Extract and analyze printable strings from binary files for malware analysis and forensics
Project description
String Analyzer
String extraction for CTI and malware-analysis workflows: surface URLs, IPs, paths, registry keys, APIs, commands, encoded data, and analyst-ready prompts from binaries and memory artifacts.
CTI Use
Use String Analyzer when a sample or dump needs fast indicator discovery before reverse engineering or sandboxing. The output is designed to feed IOC review, infrastructure pivoting, YARA/Sigma ideas, and ATT&CK-mapped analyst notes.
Defender Outputs
| Output | Use |
|---|---|
| Categorized strings | IOC and behavior discovery |
| URLs / IPs / emails | Pivot and enrichment leads |
| Registry / paths / DLLs | Host behavior context |
| API names | Capability triage |
| Decoded candidates | Obfuscation review |
| AI-ready prompt | Structured analyst follow-up |
String Analyzer extracts and analyzes printable strings from binary files. It is designed for malware analysts, reverse engineers, and forensics investigators who need to quickly surface URLs, IPs, registry keys, API names, and other indicators from executables, memory dumps, or disk images—and optionally generate an AI-ready analysis prompt.
- Zero runtime dependencies (Python standard library only).
- Single entry point: one CLI with batch and interactive modes.
- Library-friendly API: use
analyze_file()or lower-level functions in your own scripts.
📖 Practical guide (Medium) — step-by-step usage, workflows, and examples.
Table of contents
- Features
- Installation
- Quick start
- Usage
- Pattern categories
- Programmatic API
- Examples
- Configuration and limits
- Security and safety
- Development
- License
Features
| Feature | Description |
|---|---|
| String extraction | ASCII and UTF-16LE (Windows PE); configurable min length and max_bytes; chunked read for large files. |
| Entropy | Shannon entropy (chunked when max_bytes set); high entropy suggests packed/encrypted content. |
| Pattern detection | Strict IPv4 (0–255), IPv6 (full and abbreviated), URLs (http/https/ftp/file/ws/wss), obfuscated URLs (hxxp, etc.), emails, MAC addresses, registry keys, system paths, DLLs, 300+ Windows APIs, CMD/PowerShell, obfuscation patterns. |
| Embedded extraction | URLs, IPs, emails, MACs found inside long strings (not only whole-line matches). |
| Decoding | Base64 (standard and URL-safe) and hex; decoded candidates in report. |
| Suspicious keywords | Extended set: malware, miner, steal, persist, evasion, etc., plus .NET namespaces. |
| Sensitive mode | --sensitive: lower obfuscation thresholds and more keywords for stricter triage. |
| Output formats | Unfiltered dump, categorized report, or AI-ready markdown prompt. |
| CLI & API | Full CLI (--encoding, --sensitive, --no-embedded); programmatic analyze_file(); no global state. |
Installation
Requirements: Python 3.8 or newer.
git clone https://github.com/anpa1200/String-Analyzer-.git && cd String-Analyzer-
python3 -m venv venv
source venv/bin/activate # Windows: venv\Scripts\activate
pip install -e .
After installation you get the string-analyzer command.
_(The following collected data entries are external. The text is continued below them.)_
(* Let $f:\mathbb{N}\to(0,\infty)$ be a function such that both $f$ and $1/f$ (the function $n\mapsto f(n)^{-1}$) are weakly super-multiplicative. Suppose $f$ has a normal order $g:(0,\infty)\to(0,\infty)$ which is monotonic or $\log$-uniformly continuous. Then there exists a constant $c\in\mathbb{R}$ such that $f(n)=n^c$ for all $n\in\mathbb{N}$.
   Context: A function $f:\mathbb{N}\to[0,\infty)$ is weakly super-multiplicative if for all $n\in\mathbb{N}$ and all $\epsilon>0$ there exist $x_0>0$ and $\delta>0$ such that for all real $x>x_0$, $\#\{m\in\mathbb{N}\cap[x,(1+\epsilon)x]: f(nm)\ge(1-\epsilon)f(n)f(m)\}\ge\delta x$. A function $f:\mathbb{N}\to[0,\infty)$ has normal order $g$ if for every $\epsilon>0$ the set $\{n\in\mathbb{N}: |f(n)-g(n)|\ge\epsilon g(n)\}$ has upper (natural) density $0$. A function $g:(0,\infty)\to(0,\infty)$ is $\log$-uniformly continuous if for every $\epsilon>0$ there is $\delta>0$ such that for all $x,y>0$ with $|x/y-1|<\delta$ we have $|g(x)/g(y)-1|<\epsilon$. *)

From Stdlib Require Import Reals Lra Lia List Bool.
Open Scope bool_scope.
Open Scope R_scope.

Definition Rleb (a b : R) : bool := if Rle_dec a b then true else false.

Definition count_range (P : nat -> bool) (lo hi : nat) : nat :=
  length (filter P (seq lo (S hi - lo))).

Definition wsm_count (f : nat -> R) (n : nat) (eps x : R) : nat :=
  count_range
    (fun m => Rleb x (INR m) && Rleb (INR m) ((1 + eps) * x)
              && Rleb ((1 - eps) * f n * f m) (f (n * m)%nat))
    1 (Z.to_nat (up ((1 + eps) * x))).

Definition weakly_supermult (f : nat -> R) : Prop :=
  forall n : nat, (1 <= n)%nat -> forall eps : R, 0 < eps ->
    exists x0 delta : R, 0 < x0 /\ 0 < delta /\
      forall x : R, x0 < x -> delta * x <= INR (wsm_count f n eps x).

Definition upper_density_zero (A : nat -> bool) : Prop :=
  forall eta : R, 0 < eta -> exists N0 : nat, forall N : nat, (N0 <= N)%nat ->
    (1 <= N)%nat -> INR (count_range A 1 N) / INR N <= eta.

Definition normal_order (f : nat -> R) (g : R -> R) : Prop :=
  forall eps : R, 0 < eps ->
    upper_density_zero
      (fun n => Rleb (eps * g (INR n)) (Rabs (f n - g (INR n)))).

Definition monotonic_pos (g : R -> R) : Prop :=
  (forall x y, 0 < x -> x <= y -> g x <= g y) \/
  (forall x y, 0 < x -> x <= y -> g y <= g x).

Definition log_unif_cont (g : R -> R) : Prop :=
  forall eps : R, 0 < eps -> exists delta : R, 0 < delta /\
    forall x y : R, 0 < x -> 0 < y -> Rabs (x / y - 1) < delta ->
      Rabs (g x / g y - 1) < eps.

(* Weak super-multiplicativity of [f] gives, for large [y], many [m] near [y] with
   [f (n m) >= (1 - eps) f n f m]; since [f] is close to [g] outside a set of density zero, one
   such [m] also has [f m ~ g m] and [f (n m) ~ g (n m)], whence [f n g y <~ g (n y)] whenever [g]
   is nearly constant on short multiplicative windows around [y] and [n y].  The same argument for
   [1/f] gives the reverse inequality.  Both regularity assumptions on [g] provide arbitrarily
   large [y] with [g] nearly constant around [y], [a y] and [b y] simultaneously (a monotone [g]
   satisfies a doubling bound, and pigeonhole along a geometric progression finds a slow step),
   so [f (n k) = f n f k] and [f] varies by a bounded factor on dyadic intervals [a, 2a].  Then
   [k log f n - j log f 2] stays bounded when [2^j <= n^k <= 2^(j+1)], forcing [f n = n^c].
   A decreasing [g] reduces to an increasing one through [f, g -> 1/f, 1/g]. *)

From Stdlib Require Import Reals Lra Lia List Classical ZArith FunctionalExtensionality.
Open Scope R_scope.

Lemma Rleb_true a b : Rleb a b = true <-> a <= b.
Proof. unfold Rleb; destruct (Rle_dec a b); split; easy || lra. Qed.

Lemma Rleb_false a b : Rleb a b = false <-> b < a.
Proof. unfold Rleb; destruct (Rle_dec a b); split; easy || lra. Qed.

Lemma up_nat_bounds r : 0 < r ->
  r < INR (Z.to_nat (up r)) /\ INR (Z.to_nat (up r)) <= r + 1.
Proof.
  intros Hr. destruct (archimed r) as [H1 H2].
  assert (Hz : (0 <= up r)%Z) by (apply le_IZR; lra).
  rewrite INR_IZR_INZ, Z2Nat.id by exact Hz. lra.
Qed.

Lemma INR_ge1 n : (1 <= n)%nat -> 1 <= INR n.
Proof. intros Hn. apply (le_INR 1). exact Hn. Qed.

Lemma Rmult_ge1 x y : 1 <= x -> 1 <= y -> 1 <= x * y.
Proof. intros. nra. Qed.

(** * Counting in [1, N] *)

Lemma count_range_0 P : count_range P 1 0 = 0%nat.
Proof. reflexivity. Qed.

Lemma count_range_S P N :
  count_range P 1 (S N) = (count_range P 1 N + (if P (S N) then 1 else 0))%nat.
Proof.
  unfold count_range. replace (S (S N) - 1)%nat with (S N) by lia.
  replace (S N - 1)%nat with N by lia.
  rewrite seq_S, filter_app, length_app. simpl. destruct (P (S N)); simpl; lia.
Qed.

Lemma count_range_mono P Q N : (forall m, (1 <= m)%nat -> P m = true -> Q m = true) ->
  (count_range P 1 N <= count_range Q 1 N)%nat.
Proof.
  intros H. induction N as [|N IH]; [rewrite !count_range_0; lia|].
  rewrite !count_range_S. destruct (P (S N)) eqn:E.
  - rewrite (H (S N) ltac:(lia) E). lia.
  - destruct (Q (S N)); lia.
Qed.

Lemma count_range_le_add A N d : (1 <= d)%nat ->
  (count_range A 1 N + (if A (N + d)%nat then 1 else 0) <= count_range A 1 (N + d))%nat.
Proof.
  intros Hd. destruct d as [|d]; [lia|]. clear Hd. induction d as [|d IH].
  - rewrite Nat.add_1_r, count_range_S. lia.
  - replace (N + S (S d))%nat with (S (N + S d)) by lia. rewrite count_range_S.
    destruct (A (N + S d)%nat), (A (S (N + S d))); lia.
Qed.

Lemma count_range_dilate n A N : (1 <= n)%nat ->
  (count_range (fun m => A (n * m)%nat) 1 N <= count_range A 1 (n * N))%nat.
Proof.
  intros Hn. induction N as [|N IH].
  - rewrite Nat.mul_0_r, !count_range_0. lia.
  - rewrite count_range_S. replace (n * S N)%nat with (n * N + n)%nat by lia.
    pose proof (count_range_le_add A (n * N) n Hn). lia.
Qed.

Lemma count_range_avoid P A B N :
  (count_range A 1 N + count_range B 1 N < count_range P 1 N)%nat ->
  exists m, (1 <= m <= N)%nat /\ P m = true /\ A m = false /\ B m = false.
Proof.
  induction N as [|N IH]; [rewrite !count_range_0; lia|]. rewrite !count_range_S. intros H.
  destruct (P (S N)) eqn:EP, (A (S N)) eqn:EA, (B (S N)) eqn:EB;
    first [ exists (S N); repeat split; (assumption || lia)
          | destruct IH as [m [Hm Hgood]]; [lia | exists m; split; [lia | exact Hgood]] ].
Qed.

Lemma upper_density_zero_count A : upper_density_zero A -> forall c, 0 < c ->
  exists N0, forall N, (N0 <= N)%nat -> (1 <= N)%nat -> INR (count_range A 1 N) <= c * INR N.
Proof.
  intros HA c Hc. destruct (HA c Hc) as [N0 HN0]. exists N0. intros N HN HN1.
  pose proof (HN0 N HN HN1) as H. pose proof (INR_ge1 N HN1).
  apply Rmult_le_compat_r with (r := INR N) in H; [|lra].
  unfold Rdiv in H. rewrite Rmult_assoc, Rinv_l, Rmult_1_r in H; lra.
Qed.

(** * Good multipliers *)

Definition eventually (P : R -> Prop) : Prop := exists X, forall y, X <= y -> P y.

Lemma eventually_and P Q : eventually P -> eventually Q -> eventually (fun y => P y /\ Q y).
Proof.
  intros [X HX] [Y HY]. exists (Rmax X Y). intros y Hy.
  split; [apply HX | apply HY]; eapply Rle_trans; [apply Rmax_l | | apply Rmax_r |]; exact Hy.
Qed.

Lemma eventually_ge c : eventually (fun y => c <= y).
Proof. exists c. easy. Qed.

Lemma eventually_scale P t : 1 <= t -> eventually P -> eventually (fun y => P (t * y)).
Proof.
  intros Ht [X HX]. exists (Rabs X). intros y Hy. apply HX.
  pose proof (Rle_abs X). pose proof (Rabs_pos X). nra.
Qed.
Lemma nfactors_unfold ls k : (forall x, x <= k -> 0 < ls x) ->
  nfactors ls k = if k < ls k then 1 else (nfactors ls (k - ls k)).+1.
Proof.
move=> ls_gt0; rewrite {1}/nfactors /=; case: ifP => // /negbT; rewrite -leqNgt => k_ge.
have ls_k := ls_gt0 k (leqnn k); congr S.
by apply: nblocks_fuel => [x xk||]; [apply: ls_gt0|lia|lia]; lia.
Qed.

Lemma nfactors_before_step ls b : (forall x, x < b -> 0 < ls x) -> 0 < b -> ls b.-1 <= b ->
  nfactors_before ls b = (nfactors_before ls (b - ls b.-1)).+1.
Proof.
case: b => [|b] // ls_gt0 _ /= ls_b.
rewrite nfactors_unfold; last by move=> x xb; apply: ls_gt0; lia.
have := ls_gt0 b (leqnn _); case: ifP => [ls_big|/negbT ls_small] ls_b0.
  by rewrite (_ : b.+1 - ls b = 0) //; lia.
by rewrite (_ : b.+1 - ls b = (b - ls b).+1) //; lia.
Qed.

(* The state field [root], not the fingraph function of the same name. *)
Local Notation root := Defs.root.

Definition merge_node (s : state) (j k : nat) : state :=
  let q := fresh s in
  State (lyns s) (upd (root s) j q) (per s) (ii s)
        (upd (lft s) q (root s k)) (upd (rgt s) q (root s j)) q.+1 (cost s).+1 (ok s).

Lemma wloop_unfold fuel j l k s : wloop fuel.+1 j l k s =
  if l < lyns s j then wloop fuel j (l + lyns s k) (k - lyns s k) (merge_node s j k) else s.
Proof. by []. Qed.

Section WhileLoop.
Context {d : Order.disp_t} {T : orderType d}.
Variables (y : seq T).
Local Notation n := (size y).
Local Notation fac := (fac y).

Definition tree_at (s : state) k := root s k < fresh s /\ exists t,
  ptree n (lft s) (rgt s) (root s k) t /\
  is_llt (fac (k.+1 - lyns s k) k.+1) (k.+1 - lyns s k) t.

Lemma tree_at_frame s s' k : lyns s' k = lyns s k -> root s' k = root s k ->
  fresh s <= fresh s' -> (forall x, x < fresh s -> lft s' x = lft s x) ->
  (forall x, x < fresh s -> rgt s' x = rgt s x) -> tree_at s k -> tree_at s' k.
Proof.
move=> same_ls same_rt fresh_le same_l same_r [rt_lt [t [pt llt]]].
split; first by rewrite same_rt; lia.
by exists t; rewrite same_ls same_rt; split => //; apply: ptree_frame pt _ _ _ rt_lt same_l same_r.
Qed.

Record loop_inv (s1 s : state) (J l : nat) : Prop := LoopInv {
  li_lyns : lyns s = lyns s1;
  li_per : per s = per s1;
  li_ii : ii s = ii s1;
  li_ok : ok s = true;
  li_fresh : fresh s1 <= fresh s;
  li_lft : forall x, x < fresh s1 -> lft s x = lft s1 x;
  li_rgt : forall x, x < fresh s1 -> rgt s x = rgt s1 x;
  li_root : forall k, k != J -> root s k = root s1 k;
  li_l : 0 < l <= lyns s1 J;
  li_lyn : lyndon (fac (J.+1 - l) J.+1);
  li_root_lt : root s J < fresh s;
  li_tree : exists t, ptree n (lft s) (rgt s) (root s J) t /\
                      is_llt (fac (J.+1 - l) J.+1) (J.+1 - l) t;
  li_across : no_lyndon_across y J (J.+1 - l);
  li_cost : cost s + nfactors_before (lyns s1) (J.+1 - l) =
            cost s1 + nfactors_before (lyns s1) J }.

Variables (J : nat) (s1 : state).
Hypotheses (J_lt_n : J < n) (lls_s1 : forall k, k <= J -> lls_at y k (lyns s1 k))
  (trees_s1 : forall k, k < J -> tree_at s1 k) (n_le_fresh : n <= fresh s1).
(* Let $\kappa,\theta,\sigma>0$ and $\chi>\gamma>0$ be constants. Define $$\xi:=\sqrt{\kappa^2+2\sigma^2(\chi-\gamma)},\quad \alpha:=\frac{\kappa\theta}{\sigma^2}\Big(1-\frac{\kappa}{\xi}\Big),\quad \beta:=\frac{2\kappa\theta}{\sigma^2},\quad \zeta:=\frac{2\xi}{\sigma^2},\quad \nu:=\frac{\alpha\zeta}{\beta}=\frac{\xi-\kappa}{\sigma^2},$$ and for $r\in(0,\infty)$ let $$u_+(r):=e^{-\nu r}M(\alpha,\beta,\zeta r),\qquad u_-(r):=e^{-\nu r}U(\alpha,\beta,\zeta r).$$ Then $u_+$ is increasing on $(0,\infty)$ and $u_-$ is decreasing on $(0,\infty)$.
   Context: $M$ and $U$ denote the confluent hypergeometric (Kummer) functions of the first and second kind: $M(a,b,z)=\sum_{n\ge 0}\frac{(a)_n}{(b)_n}\frac{z^n}{n!}$ with $(a)_n=a(a+1)\cdots(a+n-1)$ the Pochhammer symbol, and for $a>0$, $U(a,b,z)=\frac{1}{\Gamma(a)}\int_0^\infty e^{-zt}t^{a-1}(1+t)^{b-a-1}\,dt$ for $z>0$. The functions $u_\pm$ are solutions of the ODE $\kappa(\theta-r)u'(r)+\tfrac12\sigma^2 r\,u''(r)-(\chi-\gamma)r\,u(r)=0$ on $(0,\infty)$, arising from a Cox–Ingersoll–Ross process $dR_t=\kappa(\theta-R_t)dt+\sigma\sqrt{R_t}\,dW_t$. *)

From Stdlib Require Import Reals Arith.
From Coquelicot Require Import Coquelicot.
Open Scope R_scope.

Fixpoint poch (a : R) (n : nat) : R :=
  match n with
  | O => 1
  | S k => poch a k * (a + INR k)
  end.

Definition kummerM (a b z : R) : R :=
  Series (fun n => poch a n / poch b n * z ^ n / INR (Factorial.fact n)).

Definition GammaF (a : R) : R :=
  RInt_gen (fun t => Rpower t (a - 1) * exp (- t))
           (at_right 0) (Rbar_locally p_infty).

(* Kummer's function of the second kind (Tricomi), integral representation
   valid for a > 0, z > 0:
   U(a,b,z) = 1/Gamma(a) int_0^oo e^(-z t) t^(a-1) (1+t)^(b-a-1) dt. *)
Definition kummerU (a b z : R) : R :=
  / GammaF a *
  RInt_gen (fun t => exp (- (z * t)) * Rpower t (a - 1) * Rpower (1 + t) (b - a - 1))
           (at_right 0) (Rbar_locally p_infty).

(* With nu = a z / b, the relation M'(a,b,.) = (a/b) M(a+1,b+1,.) gives
   d/dr [exp(-nu r) M(a,b,z r)] = nu exp(-nu r) (M(a+1,b+1,z r) - M(a,b,z r)),
   and for 0 < a < b each Taylor coefficient of M(a+1,b+1,.) dominates that of
   M(a,b,.) (by the factor b(a+n) / (a(b+n)) >= 1, strictly at n = 1); here
   a = alpha < beta = b because kappa < xi.
   For U, the integrand exp(-z t) t^(a-1) (1+t)^(b-a-1) decreases in z, so U is
   positive and nonincreasing in z, while exp(-nu r) decreases strictly.  The
   improper integrals are suprema of partial integrals; these are bounded since
   exp(-z t) (1+t)^(p+q+1) is bounded, leaving the beta-prime density
   t^(p-1) (1+t)^(-p-1), whose primitive (t/(1+t))^p / p is at most 1/p. *)

From Stdlib Require Import Reals Lra Classical FunctionalExtensionality.
From Coquelicot Require Import Coquelicot.
Open Scope R_scope.

Lemma exp_le_exp (x y : R) : x <= y -> exp x <= exp y.
Proof. intros [Hlt | ->]; [apply Rlt_le, exp_increasing, Hlt | apply Rle_refl]. Qed.

Lemma Series_ge0 (e : nat -> R) :
  ex_series e -> (forall n, 0 <= e n) -> 0 <= Series e.
Proof.
  intros He He0.
  replace 0 with (Series (fun n => 0 * e n)) by (rewrite Series_scal_l; ring).
  apply Series_le; [intros n; rewrite Rmult_0_l; split; [lra | apply He0] | exact He].
Qed.

Lemma Series_gt0 (e : nat -> R) (k : nat) :
  ex_series e -> (forall n, 0 <= e n) -> 0 < e k -> 0 < Series e.
Proof.
  revert e; induction k as [|k IHk]; intros e He He0 Hek;
    rewrite Series_incr_1 by exact He;
    assert (Htail : ex_series (fun n => e (S n))) by exact (proj1 (ex_series_incr_1 e) He).
  - pose proof (Series_ge0 _ Htail (fun n => He0 (S n))). lra.
  - pose proof (IHk _ Htail (fun n => He0 (S n)) Hek). pose proof (He0 O). lra.
Qed.

Lemma PSeries_lt (a b : nat -> R) (x : R) (k : nat) :
  ex_pseries a x -> ex_pseries b x -> 0 < x ->
  (forall n, a n <= b n) -> a k < b k -> PSeries a x < PSeries b x.
Proof.
  intros Ha Hb Hx Hab Habk.
  apply Rlt_0_minus.
  rewrite <- PSeries_minus by assumption.
  apply (Series_gt0 _ k).
  - eapply ex_series_ext; [|exact (ex_pseries_minus b a x Hb Ha)].
    intros n; simpl. rewrite pow_n_pow. apply Rmult_comm.
  - intros n. unfold PS_minus, plus, opp; simpl.
    specialize (Hab n). apply Rmult_le_pos; [lra | apply pow_le; lra].
  - unfold PS_minus, plus, opp; simpl.
    apply Rmult_lt_0_compat; [lra | apply pow_lt; lra].
Qed.

Lemma poch_gt0 (a : R) (n : nat) : 0 < a -> 0 < poch a n.
Proof.
  intros Ha; induction n as [|n IHn]; simpl; [lra|].
  pose proof (pos_INR n). apply Rmult_lt_0_compat; lra.
Qed.

Lemma poch_succ (a : R) (n : nat) : poch a (S n) = a * poch (a + 1) n.
Proof.
  induction n as [|n IHn]; [simpl; ring|].
  change (poch a (S (S n))) with (poch a (S n) * (a + INR (S n))).
  rewrite IHn, S_INR. simpl. ring.
Qed.

Lemma INR_fact_gt0 (n : nat) : 0 < INR (Factorial.fact n).
Proof. apply lt_0_INR, Factorial.lt_O_fact. Qed.

Definition kummer_coef (a b : R) (n : nat) : R :=
  poch a n / poch b n / INR (Factorial.fact n).

Lemma kummerM_PSeries (a b z : R) : kummerM a b z = PSeries (kummer_coef a b) z.
Proof. apply Series_ext; intros n. unfold kummer_coef, Rdiv. ring. Qed.

Lemma kummer_coef_gt0 (a b : R) (n : nat) : 0 < a -> 0 < b -> 0 < kummer_coef a b n.
Proof.
  intros Ha Hb. pose proof (INR_fact_gt0 n).
  unfold kummer_coef. apply Rdiv_lt_0_compat; [apply Rdiv_lt_0_compat|]; auto using poch_gt0.
Qed.

Lemma kummer_coef_ratio (a b : R) (n : nat) : 0 < a -> 0 < b ->
  kummer_coef a b (S n) / kummer_coef a b n = (a + INR n) / ((b + INR n) * INR (S n)).
Proof.
  intros Ha Hb. pose proof (poch_gt0 a n Ha). pose proof (poch_gt0 b n Hb).
  pose proof (INR_fact_gt0 n). pose proof (pos_INR n).
  unfold kummer_coef. simpl poch. rewrite fact_simpl, mult_INR, S_INR.
  field. repeat split; lra.
Qed.

Lemma CV_radius_kummer_coef (a b : R) : 0 < a -> 0 < b -> CV_radius (kummer_coef a b) = p_infty.
Proof.
  intros Ha Hb. apply CV_radius_infinite_DAlembert.
  { intros n. pose proof (kummer_coef_gt0 a b n Ha Hb). lra. }
  apply is_lim_seq_le_le with (fun _ => 0) (fun n => (1 + a / b) / INR (S n)).
  - intros n. rewrite kummer_coef_ratio, S_INR by assumption.
    pose proof (pos_INR n).
    assert (Hab : (a + INR n) / (b + INR n) <= 1 + a / b).
    { apply Rle_div_l; [lra|]. unfold Rdiv. rewrite Rmult_plus_distr_r.
      field_simplify; [|lra]. apply Rle_div_r; [lra|]. nra. }
    rewrite Rabs_pos_eq by (apply Rdiv_le_0_compat; nra).
    split; [apply Rdiv_le_0_compat; nra|].
    replace ((a + INR n) / ((b + INR n) * (INR n + 1)))
      with ((a + INR n) / (b + INR n) / (INR n + 1)) by (field; lra).
    apply Rmult_le_compat_r; [apply Rlt_le, Rinv_0_lt_compat; lra | exact Hab].
  - apply is_lim_seq_const.
  - replace (Finite 0) with (Rbar_mult (1 + a / b) (Rbar_inv p_infty)) by (simpl; f_equal; ring).
    apply is_lim_seq_scal_l, is_lim_seq_inv; [|discriminate].
    apply (is_lim_seq_incr_1 INR), is_lim_seq_INR.
Qed.

Lemma ex_pseries_kummer_coef (a b z : R) : 0 < a -> 0 < b -> ex_pseries (kummer_coef a b) z.
Proof. intros Ha Hb. apply CV_radius_inside. now rewrite CV_radius_kummer_coef. Qed.

Lemma PS_derive_kummer_coef (a b : R) (n : nat) : 0 < a -> 0 < b ->
  PS_derive (kummer_coef a b) n = a / b * kummer_coef (a + 1) (b + 1) n.
Proof.
  intros Ha Hb. pose proof (poch_gt0 (a + 1) n ltac:(lra)).
  pose proof (poch_gt0 (b + 1) n ltac:(lra)). pose proof (INR_fact_gt0 n). pose proof (pos_INR n).
  unfold PS_derive, kummer_coef. rewrite !poch_succ, fact_simpl, mult_INR, S_INR.
  field. repeat split; lra.
Qed.

Lemma is_derive_kummerM (a b z : R) : 0 < a -> 0 < b ->
  is_derive (kummerM a b) z (a / b * kummerM (a + 1) (b + 1) z).
Proof.
  intros Ha Hb.
  apply is_derive_ext with (PSeries (kummer_coef a b)); [intros t; symmetry; apply kummerM_PSeries|].
  replace (a / b * kummerM (a + 1) (b + 1) z) with (PSeries (PS_derive (kummer_coef a b)) z).
  - apply is_derive_PSeries. now rewrite CV_radius_kummer_coef.
  - rewrite kummerM_PSeries. unfold PSeries. rewrite <- Series_scal_l.
    apply Series_ext; intros n. rewrite PS_derive_kummer_coef by assumption. ring.
Qed.

Lemma kummer_coef_shift (a b : R) (n : nat) : 0 < a -> 0 < b ->
  kummer_coef (a + 1) (b + 1) n * (a * (b + INR n)) = kummer_coef a b n * (b * (a + INR n)).
Proof.
  intros Ha Hb. pose proof (poch_gt0 (a + 1) n ltac:(lra)).
  pose proof (poch_gt0 (b + 1) n ltac:(lra)). pose proof (INR_fact_gt0 n). pose proof (pos_INR n).
  assert (Hsucc : forall c, poch c n * (c + INR n) = c * poch (c + 1) n)
    by (intros c; rewrite <- poch_succ; reflexivity).
  assert (Hpa : poch a n = a * poch (a + 1) n / (a + INR n)) by (rewrite <- Hsucc; field; lra).
  assert (Hpb : poch b n = b * poch (b + 1) n / (b + INR n)) by (rewrite <- Hsucc; field; lra).
  unfold kummer_coef. rewrite Hpa, Hpb. field. repeat split; lra.
Qed.

Lemma kummer_coef_le_shift (a b : R) (n : nat) : 0 < a -> a <= b ->
  kummer_coef a b n <= kummer_coef (a + 1) (b + 1) n.
Proof.
  intros Ha Hab. pose proof (pos_INR n).
  pose proof (kummer_coef_shift a b n Ha ltac:(lra)) as Hshift.
  pose proof (kummer_coef_gt0 a b n Ha ltac:(lra)).
  pose proof (kummer_coef_gt0 (a + 1) (b + 1) n ltac:(lra) ltac:(lra)).
  apply Rmult_le_reg_r with (a * (b + INR n)); [nra|].
  rewrite Hshift. apply Rmult_le_compat_l; nra.
Qed.

Lemma kummerM_lt_shift (a b z : R) : 0 < a -> a < b -> 0 < z ->
  kummerM a b z < kummerM (a + 1) (b + 1) z.
Proof.
  intros Ha Hab Hz. rewrite !kummerM_PSeries.
  apply (PSeries_lt _ _ _ 1); [| |exact Hz| |].
  - apply ex_pseries_kummer_coef; lra.
  - apply ex_pseries_kummer_coef; lra.
  - intros n. apply kummer_coef_le_shift; lra.
  - unfold kummer_coef; simpl. apply Rmult_lt_reg_r with (b * (b + 1)); [nra|].
    field_simplify; lra.
Qed.

Lemma exp_kummerM_increasing (a b z r s : R) : 0 < a -> a < b -> 0 < z -> 0 < r -> r < s ->
  exp (- (a * z / b * r)) * kummerM a b (z * r) < exp (- (a * z / b * s)) * kummerM a b (z * s).
Proof.
  intros Ha Hab Hz Hr Hrs.
  set (nu := a * z / b).
  assert (Hnu : 0 < nu) by (apply Rdiv_lt_0_compat; nra).
  apply (incr_function (fun x => exp (- (nu * x)) * kummerM a b (z * x)) 0 p_infty
    (fun x => nu * exp (- (nu * x)) * (kummerM (a + 1) (b + 1) (z * x) - kummerM a b (z * x))));
    simpl; [|intros x Hx _ |lra|lra|exact I].
  - intros x _ _.
    assert (Hexp : is_derive (fun x => exp (- (nu * x))) x (- nu * exp (- (nu * x))))
      by (auto_derive; [exact I | ring]).
    assert (HM : is_derive (fun x => kummerM a b (z * x)) x
                   (z * (a / b * kummerM (a + 1) (b + 1) (z * x)))).
    { apply (is_derive_comp (kummerM a b) (fun t => z * t)).
      - apply is_derive_kummerM; lra.
      - auto_derive; [exact I | ring]. }
    pose proof (is_derive_mult _ _ x _ _ Hexp HM ltac:(intros; apply Rmult_comm)) as Hprod.
    replace (nu * exp (- (nu * x)) * _) with
      (plus (mult (- nu * exp (- (nu * x))) (kummerM a b (z * x)))
            (mult (exp (- (nu * x))) (z * (a / b * kummerM (a + 1) (b + 1) (z * x))))).
    + exact Hprod.
    + unfold plus, mult; simpl. unfold nu. field. lra.
  - apply Rmult_lt_0_compat; [apply Rmult_lt_0_compat; [exact Hnu | apply exp_pos]|].
    apply Rlt_0_minus, kummerM_lt_shift; nra.
Qed.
From the project root you can also run:
python -m string_analyzer
Development (optional): pip install -e ".[dev]" adds pytest and ruff for tests and linting.
Quick start
# Categorized report (default)
string-analyzer /path/to/binary -o report.txt
# All extracted strings, no categorization
string-analyzer /path/to/binary --unfiltered -o strings.txt
# AI-ready analysis prompt
string-analyzer /path/to/binary --ai-prompt -o prompt.md
# Interactive: prompt for file and output type
string-analyzer
Usage
Command-line options
| Option | Description |
|---|---|
file |
Path to the binary file. Omit to run interactive mode. |
-o, --output PATH |
Output file (default: <basename>_strings.txt). |
--min-length N |
Minimum string length to extract (default: 4). |
--max-bytes N |
Stop reading after N bytes (safety for very large files). |
--unfiltered |
Output all extracted strings, one per line (no categories). |
--filtered |
Output categorized report (default when not using --unfiltered or --ai-prompt). |
--ai-prompt |
Generate markdown prompt for an AI assistant. |
--analyze-with {gemini,codex} |
Send categorized prompt to gemini-cli or codex-cli and print the AI analysis. Saves the prompt to -o; use --ai-output to save the AI response. |
--ai-output PATH |
Save the AI response to this file (when using --analyze-with). |
--encoding {ascii,utf16,both} |
Extract ASCII only, UTF-16LE only, or both (default: both). |
--sensitive |
Lower obfuscation thresholds; more suspicious keywords. |
--no-embedded |
Do not extract URLs/IPs/emails from inside long strings. |
-i, --interactive |
Force interactive mode (prompt for file and options). |
-q, --quiet |
Suppress non-error messages. |
-v, --verbose |
Verbose logging. |
--version |
Show version. |
--help |
Show help. |
Output modes
- Unfiltered (
--unfiltered): sorted list of all extracted strings. Use for grepping or feeding into other tools. - Filtered (default): categorized report with entropy, plus sections such as URLS, IPS, WINDOWS_API_COMMANDS, DLLS, OBFUSCATED, etc.
- AI prompt (
--ai-prompt): same categories in a markdown prompt asking an AI to analyze behavior and functionality (e.g. for malware triage).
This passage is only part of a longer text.